Next / Previous / Contents / Shipman's homepage


Describes a system for representing taxonomic arrangements of bird checklists, and an interface for retrieving such data using the Python programming language.

This publication is available in Web form and also as a PDF document. Please forward any comments to

Table of Contents

1. Introduction
2. Files for downloading
3. Requirements
4. The six-letter bird code system
4.1. Design goals for bird code systems
4.2. Origins of the six-letter code system
4.3. Rules for the six-letter code system
4.4. Handling collisions
5. Input files
5.1. The ranks file
5.2. Preparing the standard forms (.std) file
5.2.1. Higher-taxon records in the .std file
5.2.2. Species records in the .std file
5.3. Preparing the alternate forms (.alt) file
5.3.1. What constitutes a valid English name?
5.3.2. Higher taxon records in the .alt file
5.3.3. Direct equivalent records in the .alt file
5.3.4. Subspecific forms records in the .alt file
5.3.5. Collision records in the .alt file
6. Building the standard product files
7. Flat output files
7.1. The tree (.tre) file
7.1.1. Taxonomic key numbers
7.2. The abbreviations (.ab6) file
7.3. The collisions (.col) file
8. Schema for the XML product file
8.1. taxonomySystem: the XML root element
8.2. rankSet: Taxonomic ranks in use
8.3. taxonomy: The classification tree
8.4. abbrSet: Bird code definitions
8.5. collisionSet: List of collision codes
9. The Python taxonomy interface,
9.1. Class Txny: the complete system
9.2. Class Hier: The set of taxonomic ranks
9.3. Class Rank: One taxonomic rank
9.4. The Taxon class: One node in the classification tree
10. The module
10.1. Manifest constants
10.2. Utility functions
10.3. class BirdId

1. Introduction

For the representation and processing of data about wild birds, a firm nomenclatural base is essential. Fortunately, for North American birds, the American Ornithologists' Union (AOU) provides a definitive and inclusive classification of forms that have occurred here, in printed form as the AOU Check-List. The AOU's periodical, The Auk, periodically publishes supplements updating the names and arrangements.

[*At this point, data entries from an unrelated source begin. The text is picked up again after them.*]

Lemma Cdiv_sq_mult (u v p q : C) :
  Cdiv (Cpow (Cmult u v) 2) (Cpow (Cmult p q) 2)
  = Cmult (Cdiv (Cpow v 2) (Cpow q 2)) (Cpow (Cdiv u p) 2).
Proof.
  unfold Cdiv; simpl; rewrite !Cmult_1_r, !Cinv_mult; ring.
Qed.

Lemma Cdiv_sq_scale (k d u v : C) : k <> RtoC 0 -> d <> RtoC 0 ->
  Cdiv (Cpow (Cmult k u) 2) (Cmult (Cmult d k) (Cpow v 2))
  = Cmult (Cmult (Cinv d) k) (Cdiv (Cpow u 2) (Cpow v 2)).
Proof.
  intros Hk Hd; unfold Cdiv; rewrite Cinv_mult.
  generalize (Cinv (Cpow v 2)); intros w; field; auto.
Qed.

Section ImaginaryShift.

Variable a : C.
Hypothesis Ha : Re a = 0.
Variable F : nat -> C.
Hypothesis HF : forall n, (1 <= n)%nat ->
  F (S n) = Cmult (F n) (Cpow (Cdiv (RtoC (INR n)) (Cplus (RtoC (INR n)) a)) 2).

Let c := Cinv (Cminus (RtoC 1) (Cmult (RtoC 2) a)).
Let remainder (n : nat) :=
  Cminus (sum_n_m F 2 n) (Cmult (Cmult c (RtoC (INR n))) (F n)).

Lemma one_sub_2_imag_neq_0 : Cminus (RtoC 1) (Cmult (RtoC 2) a) <> RtoC 0.
Proof.
  apply neq_0_of_Re; unfold Cminus.
  rewrite re_plus, re_opp, re_RtoC, re_scal_l, Ha; lra.
Qed.

Lemma nat_add_imag_neq_0 (n : nat) : (1 <= n)%nat -> Cplus (RtoC (INR n)) a <> RtoC 0.
Proof.
  intros Hn; apply neq_0_of_Re; rewrite re_plus, Ha, re_RtoC, Rplus_0_r.
  apply not_0_INR; lia.
Qed.

Lemma Cmod_shift_ratio_le_1 (n : nat) :
  (1 <= n)%nat -> Cmod (Cdiv (RtoC (INR n)) (Cplus (RtoC (INR n)) a)) <= 1.
Proof.
  intros Hn; assert (Hn1 : 1 <= INR n) by (apply (le_INR 1); auto).
  pose proof (Rabs_le_Cmod_add_imag (INR n) a Ha) as Hmod.
  rewrite Rabs_pos_eq in Hmod by lra.
  rewrite Cmod_div, Cmod_R, Rabs_pos_eq by (auto using nat_add_imag_neq_0 || lra).
  apply Rmult_le_reg_r with (Cmod (Cplus (RtoC (INR n)) a)); [lra |].
  unfold Rdiv; rewrite Rmult_assoc, Rinv_l; lra.
Qed.

Lemma Cmod_le_Cmod_2 (n : nat) : (2 <= n)%nat -> Cmod (F n) <= Cmod (F 2%nat).
Proof.
  intros Hn; induction Hn as [| n Hn IH]; [lra |].
  rewrite HF, Cmod_mult, Cmod_pow by lia.
  pose proof (Cmod_shift_ratio_le_1 n ltac:(lia)); pose proof (Cmod_ge_0 (F n)).
  pose proof (Cmod_ge_0 (Cdiv (RtoC (INR n)) (Cplus (RtoC (INR n)) a))).
  assert (Cmod (Cdiv (RtoC (INR n)) (Cplus (RtoC (INR n)) a)) ^ 2 <= 1) by nra.
  nra.
Qed.

Lemma remainder_succ (n : nat) : (2 <= n)%nat ->
  remainder (S n)
  = Cplus (remainder n) (Cmult (Cmult c (Cpow a 2)) (Cmult (F (S n)) (RtoC (/ INR n)))).
Proof.
  intros Hn; assert (Hn0 : INR n <> 0) by (apply not_0_INR; lia).
  assert (Hn0C : RtoC (INR n) <> RtoC 0) by (apply neq_0_of_Re; auto).
  pose proof (nat_add_imag_neq_0 n ltac:(lia)); pose proof one_sub_2_imag_neq_0.
  unfold remainder, c; rewrite sum_n_Sm, HF, S_INR, RtoC_plus, RtoC_inv by (lia || lra).
  change plus with Cplus; field; auto.
Qed.

Lemma Cmod_remainder_le_ln :
  exists K N, forall n, (N <= n)%nat -> Cmod (remainder n) <= K * ln (INR n).
Proof.
  set (B := Cmod c * Cmod (Cpow a 2) * Cmod (F 2%nat)).
  assert (HB : 0 <= B) by (repeat apply Rmult_le_pos; apply Cmod_ge_0).
  assert (Hinc : forall n, (2 <= n)%nat ->
            Cmod (remainder (S n)) <= Cmod (remainder n) + B / INR n).
  { intros n Hn; rewrite remainder_succ by auto.
    eapply Rle_trans; [apply Cmod_triangle |]; apply Rplus_le_compat_l.
    assert (Hn0 : 0 < INR n) by (apply lt_0_INR; lia).
    rewrite !Cmod_mult, Cmod_R, Rabs_pos_eq by (left; apply Rinv_0_lt_compat; auto).
    unfold B, Rdiv; rewrite <- Rmult_assoc.
    apply Rmult_le_compat_r; [left; apply Rinv_0_lt_compat; auto |].
    apply Rmult_le_compat_l; [apply Rmult_le_pos; apply Cmod_ge_0 |].
    apply Cmod_le_Cmod_2; lia. }
  exists (Cmod (remainder 2%nat) + 2 * B), 3%nat; intros n Hn.
  assert (Hln : 1 <= ln (INR n)).
  { rewrite <- (ln_exp 1); apply ln_le; [apply exp_pos |].
    pose proof exp_le_3; apply (le_INR 3) in Hn; simpl in Hn; lra. }
  pose proof (le_ln_of_increments (fun n => Cmod (remainder n)) B HB Hinc n ltac:(lia)).
  pose proof (Cmod_ge_0 (remainder 2%nat)); nra.
Qed.

End ImaginaryShift.

Theorem lemma3p4 (alpha1 alpha2 : R) :
  -1 <= alpha1 <= 1 -> -1 <= alpha2 <= 1 -> alpha1 * alpha2 < 0 ->
  let lambda : C := (0, sqrt (- (alpha1 * alpha2))) in
  forall s : R, (s = 1 \/ s = -1) ->
  exists K : R, exists N : nat, forall n : nat, (N <= n)%nat ->
    Cmod (Cminus
      (sum_n_m (fun j : nat =>
          Cdiv (Cpow (Gamma (RtoC (INR j))) 2)
               (Cpow (Gamma (Cplus (RtoC (INR j)) (Cmult (RtoC s) lambda))) 2)) 2 n)
      (Cdiv (Cpow (Gamma (RtoC (INR (n + 1)))) 2)
            (Cmult (Cmult (Cminus (RtoC 1) (Cmult (RtoC (2 * s)) lambda)) (RtoC (INR n)))
                   (Cpow (Gamma (Cplus (RtoC (INR n)) (Cmult (RtoC s) lambda))) 2))))
    <= K * ln (INR n).
Proof.
  intros _ _ _ lambda s _.
  set (a := Cmult (RtoC s) lambda).
  assert (Ha : Re a = 0) by (unfold a, lambda; simpl; ring).
  set (F := fun j : nat => Cdiv (Cpow (Gamma (RtoC (INR j))) 2)
                                (Cpow (Gamma (Cplus (RtoC (INR j)) a)) 2)).
  destruct (Cmod_remainder_le_ln a Ha F) as [K [N HK]].
  { intros n Hn; unfold F.
    rewrite Gamma_nat_succ, Gamma_nat_add_succ by (auto || lra); apply Cdiv_sq_mult. }
  exists K, (max N 1); intros n Hn.
  replace (Cmult (RtoC (2 * s)) lambda) with (Cmult (RtoC 2) a)
    by (unfold a; rewrite RtoC_mult; ring).
  rewrite Nat.add_1_r, Gamma_nat_succ by lia; rewrite Cdiv_sq_scale.
  - apply HK; lia.
  - apply neq_0_of_Re; simpl; apply not_0_INR; lia.
  - apply one_sub_2_imag_neq_0; auto.
Qed.
Lemma even_active P x : ~~ odd x -> active n (P * 2 ^ j + x).
Proof.
move=> x_even; rewrite /active oddD oddM oddX /=.
have -> : (j == 0) = false by lia.
by rewrite andbF /= (negbTE x_even).
Qed.

(* Every low part leaves [f] depending on the digit [x_(j-1)], the variable
   of rank [level]: it decides whether [x] reaches the threshold. *)
Lemma level_depends i : i < fooling_size ->
  exists ga ga', (forall v, rk v != level -> ga v = ga' v) /\
    f (splice rk level (low_part i) ga) != f (splice rk level (low_part i) ga').
Proof.
move=> i_lt; exists (pair_asg n 0 0), (pair_asg n (2 ^ (j - 1)) 0); split.
  move=> [] k //=; rewrite bit_pow /bit div0n => rank_ne; apply/esym/negbTE.
  by apply: contra rank_ne => /eqP ->; rewrite /level; lia.
have half_lt : 2 ^ (j - 1) < 2 ^ j by rewrite ltn_exp2l //; lia.
have half_even : ~~ odd (2 ^ (j - 1)) by rewrite oddX orbF -lt0n subn_gt0; lia.
rewrite !low_part_value ?expn_gt0 // !even_active // (ltnW (threshold_lt i)).
by rewrite /threshold_of addn2.
Qed.

(* Low parts with equal prefixes but thresholds [t1 < t2] are separated by
   the even left node ending in [t1]. *)
Lemma threshold_separates i1 i2 : i1 < fooling_size -> i2 < fooling_size ->
  prefix_of i1 = prefix_of i2 -> threshold_of i1 < threshold_of i2 ->
  exists ga, f (splice rk level (low_part i1) ga) != f (splice rk level (low_part i2) ga).
Proof.
move=> i1_lt i2_lt same_prefix t12; exists (pair_asg n (threshold_of i1) 0).
have t1_lt : threshold_of i1 < 2 ^ j by have := threshold_lt i1; rewrite pow_j; lia.
rewrite !low_part_value ?expn_gt0 // same_prefix leqnn leqNgt t12 andbF andbT.
by rewrite even_active // /threshold_of oddD oddM.
Qed.

(* The number [(P 2^j + 2^(j-1)) >> q] whose digits the odd left nodes query. *)
Definition query_prefix (P : nat) : nat := P * 2 ^ (j - q) + 2 ^ (j.-1 - q).

Lemma query_prefix_shift P : query_prefix P * 2 ^ q = P * 2 ^ j + 2 ^ (j - 1).
Proof. by rewrite /query_prefix mulnDl -mulnA -!expnD !subnK ?subn1 //; lia. Qed.

Lemma query_prefix_inj : injective query_prefix.
Proof.
move=> P1 P2 /(congr1 (muln^~ (2 ^ q))) /=; rewrite !query_prefix_shift.
by move=> /eqP; rewrite eqn_add2r eqn_pmul2r ?expn_gt0 // => /eqP.
Qed.

Lemma query_prefix_lt P : P < 2 ^ (n.-1 - j) -> query_prefix P < 2 ^ n.
Proof.
move=> P_lt; apply: leq_ltn_trans (leq_pmulr _ (expn_gt0 2 q)) _.
have half_lt : 2 ^ (j - 1) < 2 ^ j by rewrite ltn_exp2l //; lia.
rewrite query_prefix_shift (leq_trans (left_node_lt j_ge3 j_le_h P_lt half_lt)) //.
by rewrite leq_exp2l ?leq_pred.
Qed.

Lemma query_active P k : k < n ->
  active n (P * 2 ^ j + (2 ^ (j - 1) + (2 * k + 1))) = bit (query_prefix P) k.
Proof.
move=> k_n; have k_fits : 2 * k + 1 < 2 ^ q by lia.
rewrite addnA -query_prefix_shift /active divnMDl ?expn_gt0 // modnMDl.
rewrite (divn_small k_fits) (modn_small k_fits) addn0.
have -> : (2 * k + 1) %/ 2 = k by lia.
have q_gt0 : 0 < q by move: queries_fit; case: (q); rewrite ?expn0; lia.
rewrite oddD oddM oddX /=; have -> : (q == 0) = false by lia.
by rewrite andbF /= addn1 /= oddM.
Qed.

(* Low parts with different prefixes are separated by an odd left node
   querying a digit where their query prefixes differ. *)
Lemma query_separates i1 i2 : i1 < fooling_size -> i2 < fooling_size ->
  prefix_of i1 != prefix_of i2 ->
  exists ga, f (splice rk level (low_part i1) ga) != f (splice rk level (low_part i2) ga).
Proof.
move=> i1_lt i2_lt prefix_ne.
have : ~~ [forall k : 'I_n, bit (query_prefix (prefix_of i1)) k
                              == bit (query_prefix (prefix_of i2)) k].
  apply: contra prefix_ne => /forallP same_bits; apply/eqP/query_prefix_inj.
  apply: bits_inj (query_prefix_lt (prefix_lt i1_lt)) (query_prefix_lt (prefix_lt i2_lt)) _.
  by move=> k k_n; apply/eqP/(same_bits (Ordinal k_n)).
rewrite negb_forall => /existsP [k bit_ne]; have k_n := ltn_ord k.
exists (pair_asg n (2 ^ (j - 1) + (2 * k + 1)) 0).
have x_lt : 2 ^ (j - 1) + (2 * k + 1) < 2 ^ j.
  have : 2 ^ q <= 2 ^ (j - 1) by rewrite leq_exp2l //; lia.
  by rewrite pow_j; lia.
have t_le i : threshold_of i <= 2 ^ (j - 1) + (2 * k + 1).
  by have := threshold_lt i; lia.
by rewrite !low_part_value ?expn_gt0 // !t_le !andbT !query_active.
Qed.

In the process of entering a few million records of bird data for the Audubon Christmas Bird Count database, the author also developed a system for representing bird names using a six-letter code. This system currently includes over 2500 codes, each code connected to either a taxon or to an English name.

This document describes a software base for representing the AOU's taxonomic arrangements and the author's six-letter codes as computer files. Once the various input files are prepared and compiled, there are several different ways to access these data:

  • You can use a single XML file that describes both the taxonomy and the bird code system. Prebuilt files are available for all of the AOU Check-List arrangements starting with the Seventh Edition and its various Supplements.

  • A module written in the Python programming language makes it easy for you to write scripts in Python that use one of these XML data files.

  • You can use a set of three “flat files” that can be loaded into a database system or spreadsheet.

To download any of these data or program files, see Section 2, “Files for downloading”.

A companion document, Bird taxonomy system: internal maintenance specification, describes the internals of the various programs in this suite.

This is the third major version. The first version produced only flat files. The second version added the single XML file and its Python interface. This version simplifies the handling of italic markup and adds methods for performing HTML markup.